▸ TASK TO COMPLETE
Below are records; copy every line among them that contains the word "split".

▸ Stored data entries
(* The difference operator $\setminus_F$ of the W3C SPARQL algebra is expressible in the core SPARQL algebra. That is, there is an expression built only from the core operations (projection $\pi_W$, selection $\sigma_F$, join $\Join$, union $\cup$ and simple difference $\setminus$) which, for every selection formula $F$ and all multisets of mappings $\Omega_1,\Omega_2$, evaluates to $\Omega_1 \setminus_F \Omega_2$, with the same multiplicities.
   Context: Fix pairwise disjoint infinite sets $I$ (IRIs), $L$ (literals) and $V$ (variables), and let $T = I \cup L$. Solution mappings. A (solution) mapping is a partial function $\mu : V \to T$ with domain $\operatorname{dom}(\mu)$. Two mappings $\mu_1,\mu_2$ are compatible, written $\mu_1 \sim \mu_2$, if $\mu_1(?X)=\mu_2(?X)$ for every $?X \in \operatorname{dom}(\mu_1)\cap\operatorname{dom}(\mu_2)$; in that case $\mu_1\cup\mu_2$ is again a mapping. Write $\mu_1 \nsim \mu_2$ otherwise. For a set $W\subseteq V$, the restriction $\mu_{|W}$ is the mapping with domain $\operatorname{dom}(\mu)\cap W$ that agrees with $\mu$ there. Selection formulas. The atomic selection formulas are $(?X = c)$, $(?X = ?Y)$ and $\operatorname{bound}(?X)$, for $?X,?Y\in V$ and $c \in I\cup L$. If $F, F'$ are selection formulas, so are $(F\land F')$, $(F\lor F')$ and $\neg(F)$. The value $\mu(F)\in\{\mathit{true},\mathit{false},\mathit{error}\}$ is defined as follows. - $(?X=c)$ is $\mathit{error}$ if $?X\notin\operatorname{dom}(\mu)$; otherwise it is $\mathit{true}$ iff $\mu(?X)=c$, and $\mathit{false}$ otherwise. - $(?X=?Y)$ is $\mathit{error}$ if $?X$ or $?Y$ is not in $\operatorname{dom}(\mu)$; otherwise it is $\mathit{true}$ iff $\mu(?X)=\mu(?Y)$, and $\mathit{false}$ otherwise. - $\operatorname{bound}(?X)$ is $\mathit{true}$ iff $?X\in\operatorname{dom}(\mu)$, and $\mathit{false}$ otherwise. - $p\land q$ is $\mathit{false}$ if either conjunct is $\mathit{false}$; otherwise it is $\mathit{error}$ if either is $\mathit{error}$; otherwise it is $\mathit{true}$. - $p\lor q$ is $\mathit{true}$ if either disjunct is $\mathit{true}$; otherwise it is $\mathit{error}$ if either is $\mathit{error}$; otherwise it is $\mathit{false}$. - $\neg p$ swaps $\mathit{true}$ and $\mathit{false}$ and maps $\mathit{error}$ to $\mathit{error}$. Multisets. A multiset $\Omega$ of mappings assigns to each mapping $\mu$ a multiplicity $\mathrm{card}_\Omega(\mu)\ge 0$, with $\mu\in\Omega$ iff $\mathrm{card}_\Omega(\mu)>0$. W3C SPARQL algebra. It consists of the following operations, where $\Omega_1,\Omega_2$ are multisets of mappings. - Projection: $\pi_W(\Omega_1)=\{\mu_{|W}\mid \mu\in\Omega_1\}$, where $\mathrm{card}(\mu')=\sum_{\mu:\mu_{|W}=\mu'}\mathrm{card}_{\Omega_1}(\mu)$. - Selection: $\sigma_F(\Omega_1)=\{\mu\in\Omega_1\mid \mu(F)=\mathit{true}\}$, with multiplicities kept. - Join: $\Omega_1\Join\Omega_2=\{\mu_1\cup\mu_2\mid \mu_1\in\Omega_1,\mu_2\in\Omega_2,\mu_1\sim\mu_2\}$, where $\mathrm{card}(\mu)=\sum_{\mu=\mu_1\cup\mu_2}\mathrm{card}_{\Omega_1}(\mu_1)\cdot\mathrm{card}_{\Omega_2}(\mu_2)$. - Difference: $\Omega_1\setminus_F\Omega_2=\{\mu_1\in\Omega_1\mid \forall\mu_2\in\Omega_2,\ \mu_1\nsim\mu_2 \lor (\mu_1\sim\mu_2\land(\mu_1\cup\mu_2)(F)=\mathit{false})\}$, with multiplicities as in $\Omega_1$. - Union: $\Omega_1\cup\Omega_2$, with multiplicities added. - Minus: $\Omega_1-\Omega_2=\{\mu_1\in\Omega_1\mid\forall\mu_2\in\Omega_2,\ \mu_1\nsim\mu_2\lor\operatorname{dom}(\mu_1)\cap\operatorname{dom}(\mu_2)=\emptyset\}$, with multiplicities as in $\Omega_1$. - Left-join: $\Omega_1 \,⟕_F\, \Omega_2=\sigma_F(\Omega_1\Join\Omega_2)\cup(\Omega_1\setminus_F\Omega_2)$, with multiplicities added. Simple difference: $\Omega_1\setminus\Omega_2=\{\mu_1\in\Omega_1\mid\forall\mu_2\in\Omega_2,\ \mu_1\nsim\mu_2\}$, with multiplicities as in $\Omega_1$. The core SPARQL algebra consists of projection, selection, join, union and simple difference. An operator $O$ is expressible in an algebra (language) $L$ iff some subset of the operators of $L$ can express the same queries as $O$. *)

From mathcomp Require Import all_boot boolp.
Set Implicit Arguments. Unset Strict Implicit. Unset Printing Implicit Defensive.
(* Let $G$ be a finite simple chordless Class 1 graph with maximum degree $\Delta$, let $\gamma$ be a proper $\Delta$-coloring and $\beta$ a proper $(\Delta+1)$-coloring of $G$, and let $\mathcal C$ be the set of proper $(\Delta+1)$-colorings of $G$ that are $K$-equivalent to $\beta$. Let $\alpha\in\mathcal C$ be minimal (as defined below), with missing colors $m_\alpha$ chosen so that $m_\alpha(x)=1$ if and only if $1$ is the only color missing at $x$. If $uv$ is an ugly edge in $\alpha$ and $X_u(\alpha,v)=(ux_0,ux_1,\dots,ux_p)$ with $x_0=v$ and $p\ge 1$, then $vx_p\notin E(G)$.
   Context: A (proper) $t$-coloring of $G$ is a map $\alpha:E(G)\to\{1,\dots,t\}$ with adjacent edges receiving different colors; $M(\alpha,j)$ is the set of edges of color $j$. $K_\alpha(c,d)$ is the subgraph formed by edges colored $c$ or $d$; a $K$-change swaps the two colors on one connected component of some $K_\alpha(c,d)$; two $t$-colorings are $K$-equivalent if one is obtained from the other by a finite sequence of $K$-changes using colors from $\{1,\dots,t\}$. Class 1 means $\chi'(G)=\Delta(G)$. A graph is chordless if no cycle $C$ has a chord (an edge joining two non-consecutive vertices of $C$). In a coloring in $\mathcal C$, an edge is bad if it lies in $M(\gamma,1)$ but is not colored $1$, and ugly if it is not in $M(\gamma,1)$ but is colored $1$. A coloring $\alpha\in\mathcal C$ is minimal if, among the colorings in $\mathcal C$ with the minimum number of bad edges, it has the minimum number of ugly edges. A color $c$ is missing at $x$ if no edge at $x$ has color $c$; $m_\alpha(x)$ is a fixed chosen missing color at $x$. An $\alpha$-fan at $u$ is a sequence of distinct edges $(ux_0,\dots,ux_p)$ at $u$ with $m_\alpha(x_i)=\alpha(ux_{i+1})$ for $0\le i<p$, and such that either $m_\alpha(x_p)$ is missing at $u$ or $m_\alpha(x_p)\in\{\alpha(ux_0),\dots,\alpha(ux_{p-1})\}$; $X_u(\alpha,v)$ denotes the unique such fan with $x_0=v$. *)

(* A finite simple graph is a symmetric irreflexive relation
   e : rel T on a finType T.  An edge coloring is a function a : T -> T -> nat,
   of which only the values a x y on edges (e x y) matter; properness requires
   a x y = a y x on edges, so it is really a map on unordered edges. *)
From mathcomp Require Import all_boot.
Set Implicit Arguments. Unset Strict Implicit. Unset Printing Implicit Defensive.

...

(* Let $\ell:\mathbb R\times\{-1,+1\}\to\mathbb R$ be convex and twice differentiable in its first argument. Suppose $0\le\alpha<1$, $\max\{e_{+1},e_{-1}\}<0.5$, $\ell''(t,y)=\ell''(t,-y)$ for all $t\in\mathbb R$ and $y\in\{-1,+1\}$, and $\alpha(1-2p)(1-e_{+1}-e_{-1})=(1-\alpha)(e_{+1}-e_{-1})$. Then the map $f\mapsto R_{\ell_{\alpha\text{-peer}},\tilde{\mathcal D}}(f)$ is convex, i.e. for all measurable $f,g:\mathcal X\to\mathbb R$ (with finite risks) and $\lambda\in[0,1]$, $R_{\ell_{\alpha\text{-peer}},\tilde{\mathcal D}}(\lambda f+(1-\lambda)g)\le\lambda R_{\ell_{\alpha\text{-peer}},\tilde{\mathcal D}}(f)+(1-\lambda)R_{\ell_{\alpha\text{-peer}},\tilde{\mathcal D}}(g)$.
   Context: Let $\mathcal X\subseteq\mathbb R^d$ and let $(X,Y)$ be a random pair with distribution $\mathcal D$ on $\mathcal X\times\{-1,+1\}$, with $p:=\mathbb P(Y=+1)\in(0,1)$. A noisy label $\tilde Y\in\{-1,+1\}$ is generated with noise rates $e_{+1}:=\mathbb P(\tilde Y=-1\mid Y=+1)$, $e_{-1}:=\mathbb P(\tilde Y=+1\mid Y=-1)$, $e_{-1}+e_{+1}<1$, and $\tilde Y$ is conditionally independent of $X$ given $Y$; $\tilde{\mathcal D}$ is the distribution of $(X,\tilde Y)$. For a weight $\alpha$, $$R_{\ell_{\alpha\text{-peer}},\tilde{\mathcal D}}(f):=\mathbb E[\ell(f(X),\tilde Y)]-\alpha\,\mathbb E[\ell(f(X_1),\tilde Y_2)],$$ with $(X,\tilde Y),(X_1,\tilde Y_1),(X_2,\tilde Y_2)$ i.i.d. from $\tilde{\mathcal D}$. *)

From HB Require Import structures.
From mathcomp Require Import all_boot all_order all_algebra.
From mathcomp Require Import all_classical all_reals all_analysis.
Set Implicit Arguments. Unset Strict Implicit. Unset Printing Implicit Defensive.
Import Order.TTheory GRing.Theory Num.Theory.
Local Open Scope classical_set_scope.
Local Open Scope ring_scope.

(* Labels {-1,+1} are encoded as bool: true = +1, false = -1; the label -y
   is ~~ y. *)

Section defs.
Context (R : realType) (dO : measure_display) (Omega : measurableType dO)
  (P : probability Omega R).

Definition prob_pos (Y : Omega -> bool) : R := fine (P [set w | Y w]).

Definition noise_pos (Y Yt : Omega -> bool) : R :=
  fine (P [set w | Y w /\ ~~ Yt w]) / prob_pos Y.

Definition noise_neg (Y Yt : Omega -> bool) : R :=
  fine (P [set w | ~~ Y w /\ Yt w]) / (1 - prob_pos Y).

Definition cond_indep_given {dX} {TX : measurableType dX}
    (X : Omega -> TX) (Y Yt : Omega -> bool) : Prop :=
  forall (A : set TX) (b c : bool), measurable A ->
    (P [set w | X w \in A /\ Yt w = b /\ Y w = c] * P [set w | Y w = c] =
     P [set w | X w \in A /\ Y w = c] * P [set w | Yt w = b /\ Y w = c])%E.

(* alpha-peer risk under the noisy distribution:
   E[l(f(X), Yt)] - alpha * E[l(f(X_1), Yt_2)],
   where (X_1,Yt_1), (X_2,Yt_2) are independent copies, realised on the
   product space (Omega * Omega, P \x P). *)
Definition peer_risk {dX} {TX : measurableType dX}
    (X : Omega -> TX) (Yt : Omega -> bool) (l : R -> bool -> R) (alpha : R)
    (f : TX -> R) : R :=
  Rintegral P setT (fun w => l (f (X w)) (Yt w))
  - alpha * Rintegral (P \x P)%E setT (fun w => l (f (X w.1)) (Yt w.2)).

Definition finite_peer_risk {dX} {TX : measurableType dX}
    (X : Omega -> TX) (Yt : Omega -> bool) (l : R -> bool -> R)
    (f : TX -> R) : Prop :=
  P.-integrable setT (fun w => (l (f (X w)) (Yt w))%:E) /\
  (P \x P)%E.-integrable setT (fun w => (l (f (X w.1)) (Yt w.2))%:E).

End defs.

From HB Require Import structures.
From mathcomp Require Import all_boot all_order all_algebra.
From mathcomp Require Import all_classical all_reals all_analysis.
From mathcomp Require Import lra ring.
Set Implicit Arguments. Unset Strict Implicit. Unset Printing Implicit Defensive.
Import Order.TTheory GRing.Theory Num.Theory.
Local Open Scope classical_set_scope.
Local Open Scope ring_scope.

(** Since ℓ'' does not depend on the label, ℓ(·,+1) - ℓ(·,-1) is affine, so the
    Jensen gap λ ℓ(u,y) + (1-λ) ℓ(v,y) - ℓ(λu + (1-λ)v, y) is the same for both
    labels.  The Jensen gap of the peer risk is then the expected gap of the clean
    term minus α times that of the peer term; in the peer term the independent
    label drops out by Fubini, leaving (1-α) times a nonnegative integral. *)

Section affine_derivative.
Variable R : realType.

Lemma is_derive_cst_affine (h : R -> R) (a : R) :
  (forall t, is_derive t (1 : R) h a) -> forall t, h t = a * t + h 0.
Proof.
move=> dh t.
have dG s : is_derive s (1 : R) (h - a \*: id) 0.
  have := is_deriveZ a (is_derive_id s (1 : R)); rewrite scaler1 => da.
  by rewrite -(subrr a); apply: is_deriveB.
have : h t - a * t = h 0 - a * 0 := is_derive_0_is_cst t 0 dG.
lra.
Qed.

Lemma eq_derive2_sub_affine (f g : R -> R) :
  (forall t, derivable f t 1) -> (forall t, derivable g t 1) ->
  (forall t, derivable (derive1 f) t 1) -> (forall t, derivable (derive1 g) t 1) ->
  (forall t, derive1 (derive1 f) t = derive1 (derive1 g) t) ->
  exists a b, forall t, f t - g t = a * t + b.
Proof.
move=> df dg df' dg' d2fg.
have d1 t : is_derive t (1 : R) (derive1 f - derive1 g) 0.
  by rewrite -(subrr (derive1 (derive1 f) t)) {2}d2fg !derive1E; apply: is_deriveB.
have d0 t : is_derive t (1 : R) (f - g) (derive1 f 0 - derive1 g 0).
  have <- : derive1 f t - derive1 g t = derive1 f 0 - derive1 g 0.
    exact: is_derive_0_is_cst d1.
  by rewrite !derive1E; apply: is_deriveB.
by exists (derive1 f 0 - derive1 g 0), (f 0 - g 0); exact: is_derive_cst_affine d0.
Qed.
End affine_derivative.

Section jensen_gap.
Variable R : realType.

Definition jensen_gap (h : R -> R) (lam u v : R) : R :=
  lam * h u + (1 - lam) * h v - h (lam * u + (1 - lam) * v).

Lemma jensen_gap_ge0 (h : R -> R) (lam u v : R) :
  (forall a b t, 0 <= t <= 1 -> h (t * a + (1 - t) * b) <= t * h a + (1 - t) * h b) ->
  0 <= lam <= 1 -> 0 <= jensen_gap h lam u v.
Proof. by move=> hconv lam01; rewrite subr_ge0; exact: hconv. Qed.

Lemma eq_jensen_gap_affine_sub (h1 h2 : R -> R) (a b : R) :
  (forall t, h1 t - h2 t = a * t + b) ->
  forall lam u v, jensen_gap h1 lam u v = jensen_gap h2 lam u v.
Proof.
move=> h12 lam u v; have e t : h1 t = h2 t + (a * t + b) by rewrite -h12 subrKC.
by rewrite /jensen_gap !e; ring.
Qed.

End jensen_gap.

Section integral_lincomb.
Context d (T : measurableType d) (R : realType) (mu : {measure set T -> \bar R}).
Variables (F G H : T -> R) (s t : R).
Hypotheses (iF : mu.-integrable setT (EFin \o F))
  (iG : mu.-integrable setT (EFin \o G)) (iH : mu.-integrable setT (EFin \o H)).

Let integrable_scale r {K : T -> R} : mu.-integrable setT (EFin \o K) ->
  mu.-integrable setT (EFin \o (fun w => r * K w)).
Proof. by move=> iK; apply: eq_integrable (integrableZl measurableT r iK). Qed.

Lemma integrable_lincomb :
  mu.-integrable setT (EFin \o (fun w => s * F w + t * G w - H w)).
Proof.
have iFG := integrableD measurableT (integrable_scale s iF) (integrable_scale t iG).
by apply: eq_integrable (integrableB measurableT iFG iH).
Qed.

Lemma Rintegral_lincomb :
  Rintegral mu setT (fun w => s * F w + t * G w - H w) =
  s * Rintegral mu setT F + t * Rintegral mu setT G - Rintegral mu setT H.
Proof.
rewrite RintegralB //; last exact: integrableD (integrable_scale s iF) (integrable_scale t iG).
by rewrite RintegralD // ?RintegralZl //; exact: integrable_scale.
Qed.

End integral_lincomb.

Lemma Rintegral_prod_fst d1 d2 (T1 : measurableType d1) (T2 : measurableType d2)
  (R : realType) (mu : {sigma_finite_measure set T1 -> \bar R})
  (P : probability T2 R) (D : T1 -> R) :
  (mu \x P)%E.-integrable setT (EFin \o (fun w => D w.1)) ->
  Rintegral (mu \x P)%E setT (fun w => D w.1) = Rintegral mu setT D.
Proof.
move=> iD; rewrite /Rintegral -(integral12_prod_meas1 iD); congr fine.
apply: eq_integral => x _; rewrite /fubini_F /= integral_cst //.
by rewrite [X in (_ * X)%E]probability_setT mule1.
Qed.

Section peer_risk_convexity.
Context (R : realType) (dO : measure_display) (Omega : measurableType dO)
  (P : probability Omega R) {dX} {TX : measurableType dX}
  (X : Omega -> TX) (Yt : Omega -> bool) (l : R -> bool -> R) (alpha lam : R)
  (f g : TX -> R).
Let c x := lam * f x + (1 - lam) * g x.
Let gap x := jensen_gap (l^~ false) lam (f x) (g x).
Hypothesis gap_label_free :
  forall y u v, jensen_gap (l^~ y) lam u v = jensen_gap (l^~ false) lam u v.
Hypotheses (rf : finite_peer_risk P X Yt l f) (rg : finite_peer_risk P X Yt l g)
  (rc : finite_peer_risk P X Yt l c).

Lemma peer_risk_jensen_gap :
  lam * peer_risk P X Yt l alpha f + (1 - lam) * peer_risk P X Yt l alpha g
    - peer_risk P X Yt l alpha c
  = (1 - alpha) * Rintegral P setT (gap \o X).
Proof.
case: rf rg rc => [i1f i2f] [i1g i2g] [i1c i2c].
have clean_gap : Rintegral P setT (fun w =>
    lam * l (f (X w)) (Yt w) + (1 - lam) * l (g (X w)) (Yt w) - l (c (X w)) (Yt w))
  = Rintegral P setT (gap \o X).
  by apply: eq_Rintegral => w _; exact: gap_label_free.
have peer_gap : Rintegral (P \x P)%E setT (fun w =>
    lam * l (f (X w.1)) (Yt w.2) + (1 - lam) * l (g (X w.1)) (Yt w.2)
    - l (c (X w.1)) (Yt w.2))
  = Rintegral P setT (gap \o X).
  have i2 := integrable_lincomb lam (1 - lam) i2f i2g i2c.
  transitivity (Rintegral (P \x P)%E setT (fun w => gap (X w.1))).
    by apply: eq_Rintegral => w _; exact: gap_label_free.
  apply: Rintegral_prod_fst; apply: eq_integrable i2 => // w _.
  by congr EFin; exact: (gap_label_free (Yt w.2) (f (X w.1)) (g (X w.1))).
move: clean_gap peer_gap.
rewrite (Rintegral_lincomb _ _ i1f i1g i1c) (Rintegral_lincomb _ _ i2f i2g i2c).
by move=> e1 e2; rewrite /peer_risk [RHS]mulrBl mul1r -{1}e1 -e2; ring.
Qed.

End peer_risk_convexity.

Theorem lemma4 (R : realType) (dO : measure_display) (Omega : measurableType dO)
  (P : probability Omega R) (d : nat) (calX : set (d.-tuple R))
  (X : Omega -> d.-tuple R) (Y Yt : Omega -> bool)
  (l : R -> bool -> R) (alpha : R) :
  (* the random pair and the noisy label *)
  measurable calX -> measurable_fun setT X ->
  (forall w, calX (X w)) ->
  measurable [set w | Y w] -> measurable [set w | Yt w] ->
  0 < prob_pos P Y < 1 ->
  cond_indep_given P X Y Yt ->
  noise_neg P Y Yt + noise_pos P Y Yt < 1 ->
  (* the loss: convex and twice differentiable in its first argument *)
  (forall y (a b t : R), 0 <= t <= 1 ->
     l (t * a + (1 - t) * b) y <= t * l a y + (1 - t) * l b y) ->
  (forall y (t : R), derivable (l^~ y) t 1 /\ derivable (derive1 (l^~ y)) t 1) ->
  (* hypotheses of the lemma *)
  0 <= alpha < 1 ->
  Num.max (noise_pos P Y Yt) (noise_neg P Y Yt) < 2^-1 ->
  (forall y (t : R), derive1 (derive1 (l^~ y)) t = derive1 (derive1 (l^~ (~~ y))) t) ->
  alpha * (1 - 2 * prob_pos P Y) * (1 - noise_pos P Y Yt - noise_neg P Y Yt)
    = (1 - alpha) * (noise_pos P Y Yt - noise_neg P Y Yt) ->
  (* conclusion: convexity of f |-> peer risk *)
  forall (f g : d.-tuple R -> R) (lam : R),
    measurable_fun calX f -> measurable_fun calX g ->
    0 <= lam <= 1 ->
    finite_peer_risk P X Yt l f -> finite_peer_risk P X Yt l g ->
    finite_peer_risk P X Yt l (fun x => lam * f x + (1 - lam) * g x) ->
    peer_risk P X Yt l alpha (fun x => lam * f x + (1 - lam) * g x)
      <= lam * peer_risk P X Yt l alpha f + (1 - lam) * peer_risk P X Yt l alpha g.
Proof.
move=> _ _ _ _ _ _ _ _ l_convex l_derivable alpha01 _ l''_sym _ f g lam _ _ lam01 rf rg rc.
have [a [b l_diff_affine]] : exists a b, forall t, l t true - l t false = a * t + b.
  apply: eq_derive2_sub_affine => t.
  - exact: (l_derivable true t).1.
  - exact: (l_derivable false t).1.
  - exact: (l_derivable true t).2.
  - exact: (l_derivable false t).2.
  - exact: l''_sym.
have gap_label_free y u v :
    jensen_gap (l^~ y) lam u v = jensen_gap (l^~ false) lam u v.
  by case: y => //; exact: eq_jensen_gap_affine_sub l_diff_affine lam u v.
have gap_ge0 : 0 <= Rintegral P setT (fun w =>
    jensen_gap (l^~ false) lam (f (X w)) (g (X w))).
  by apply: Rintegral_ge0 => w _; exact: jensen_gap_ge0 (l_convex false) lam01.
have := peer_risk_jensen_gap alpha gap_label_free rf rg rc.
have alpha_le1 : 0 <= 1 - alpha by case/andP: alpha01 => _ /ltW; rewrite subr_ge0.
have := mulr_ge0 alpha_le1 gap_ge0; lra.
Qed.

---

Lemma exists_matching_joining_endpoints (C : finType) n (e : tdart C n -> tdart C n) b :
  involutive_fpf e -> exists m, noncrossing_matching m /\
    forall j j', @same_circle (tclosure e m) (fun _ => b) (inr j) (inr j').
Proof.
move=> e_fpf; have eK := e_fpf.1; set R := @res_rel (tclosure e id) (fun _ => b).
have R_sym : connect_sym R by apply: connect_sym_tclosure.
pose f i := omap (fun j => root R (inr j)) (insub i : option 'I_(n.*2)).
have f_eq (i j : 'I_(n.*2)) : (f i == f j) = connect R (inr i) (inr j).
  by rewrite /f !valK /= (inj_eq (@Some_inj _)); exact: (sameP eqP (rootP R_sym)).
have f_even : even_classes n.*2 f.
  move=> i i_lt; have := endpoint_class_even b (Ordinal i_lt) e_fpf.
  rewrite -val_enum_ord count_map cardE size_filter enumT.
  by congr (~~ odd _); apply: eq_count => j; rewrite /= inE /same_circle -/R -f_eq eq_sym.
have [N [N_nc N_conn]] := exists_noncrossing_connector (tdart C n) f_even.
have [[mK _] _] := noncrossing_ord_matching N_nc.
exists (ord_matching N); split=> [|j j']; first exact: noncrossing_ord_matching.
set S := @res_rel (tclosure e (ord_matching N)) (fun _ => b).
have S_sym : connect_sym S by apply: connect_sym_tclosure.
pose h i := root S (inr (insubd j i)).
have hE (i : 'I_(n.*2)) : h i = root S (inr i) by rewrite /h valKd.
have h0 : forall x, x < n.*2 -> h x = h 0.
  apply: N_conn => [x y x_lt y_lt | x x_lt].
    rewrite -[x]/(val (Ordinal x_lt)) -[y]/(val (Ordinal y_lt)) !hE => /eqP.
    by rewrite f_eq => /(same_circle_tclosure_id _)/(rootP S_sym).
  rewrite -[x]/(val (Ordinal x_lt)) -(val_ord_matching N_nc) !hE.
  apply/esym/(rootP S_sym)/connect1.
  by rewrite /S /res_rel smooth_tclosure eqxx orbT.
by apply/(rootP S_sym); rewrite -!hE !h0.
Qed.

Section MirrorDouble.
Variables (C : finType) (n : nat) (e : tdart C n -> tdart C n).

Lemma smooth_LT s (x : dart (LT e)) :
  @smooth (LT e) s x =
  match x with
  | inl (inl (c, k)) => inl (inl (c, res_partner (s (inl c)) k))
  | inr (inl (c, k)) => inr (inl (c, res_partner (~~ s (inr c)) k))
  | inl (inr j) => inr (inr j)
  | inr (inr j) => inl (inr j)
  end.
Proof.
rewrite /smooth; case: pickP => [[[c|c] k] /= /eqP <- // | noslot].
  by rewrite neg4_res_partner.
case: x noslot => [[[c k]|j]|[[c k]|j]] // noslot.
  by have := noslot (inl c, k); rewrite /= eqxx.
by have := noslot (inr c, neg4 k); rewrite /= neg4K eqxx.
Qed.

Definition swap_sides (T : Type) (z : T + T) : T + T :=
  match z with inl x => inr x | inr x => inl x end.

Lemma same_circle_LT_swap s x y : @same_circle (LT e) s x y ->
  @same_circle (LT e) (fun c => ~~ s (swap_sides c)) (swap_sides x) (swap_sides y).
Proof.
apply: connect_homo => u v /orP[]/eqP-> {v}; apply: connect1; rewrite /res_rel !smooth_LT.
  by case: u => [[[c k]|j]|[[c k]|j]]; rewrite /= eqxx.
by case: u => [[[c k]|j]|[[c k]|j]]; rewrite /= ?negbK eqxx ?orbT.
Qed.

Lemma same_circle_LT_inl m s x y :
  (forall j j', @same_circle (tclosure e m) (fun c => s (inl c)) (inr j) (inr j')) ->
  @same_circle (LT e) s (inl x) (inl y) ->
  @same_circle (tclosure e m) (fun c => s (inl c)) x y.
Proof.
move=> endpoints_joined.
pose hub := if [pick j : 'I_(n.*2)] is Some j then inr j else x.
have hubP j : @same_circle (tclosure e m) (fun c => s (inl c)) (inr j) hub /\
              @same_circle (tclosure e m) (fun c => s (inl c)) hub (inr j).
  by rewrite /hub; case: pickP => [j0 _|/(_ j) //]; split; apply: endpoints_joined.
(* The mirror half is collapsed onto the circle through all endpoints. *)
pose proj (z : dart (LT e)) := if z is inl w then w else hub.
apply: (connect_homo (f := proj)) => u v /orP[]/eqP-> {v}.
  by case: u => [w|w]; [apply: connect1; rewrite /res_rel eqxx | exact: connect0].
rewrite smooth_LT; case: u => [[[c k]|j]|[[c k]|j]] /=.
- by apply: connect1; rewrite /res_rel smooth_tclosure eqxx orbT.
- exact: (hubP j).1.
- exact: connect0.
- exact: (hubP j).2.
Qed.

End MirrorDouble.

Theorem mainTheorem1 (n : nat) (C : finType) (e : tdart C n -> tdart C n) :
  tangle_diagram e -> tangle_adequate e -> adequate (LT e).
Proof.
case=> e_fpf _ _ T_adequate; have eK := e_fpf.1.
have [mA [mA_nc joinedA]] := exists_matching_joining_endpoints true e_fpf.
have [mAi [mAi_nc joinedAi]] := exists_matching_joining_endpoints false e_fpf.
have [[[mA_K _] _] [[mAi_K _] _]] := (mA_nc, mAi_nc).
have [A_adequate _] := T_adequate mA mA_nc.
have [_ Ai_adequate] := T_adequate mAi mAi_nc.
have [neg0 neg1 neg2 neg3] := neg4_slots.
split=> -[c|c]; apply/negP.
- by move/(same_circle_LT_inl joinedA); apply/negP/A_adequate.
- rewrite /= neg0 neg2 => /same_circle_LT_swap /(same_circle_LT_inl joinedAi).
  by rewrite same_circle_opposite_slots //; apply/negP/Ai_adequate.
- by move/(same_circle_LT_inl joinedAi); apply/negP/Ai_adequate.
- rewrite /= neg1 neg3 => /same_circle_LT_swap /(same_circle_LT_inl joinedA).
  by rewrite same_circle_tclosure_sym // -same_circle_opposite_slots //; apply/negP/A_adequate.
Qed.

▸ YOUR RESPONSE
exists (ord_matching N); split=> [|j j']; first exact: noncrossing_ord_matching.
  by rewrite /hub; case: pickP => [j0 _|/(_ j) //]; split; apply: endpoints_joined.
split=> -[c|c]; apply/negP.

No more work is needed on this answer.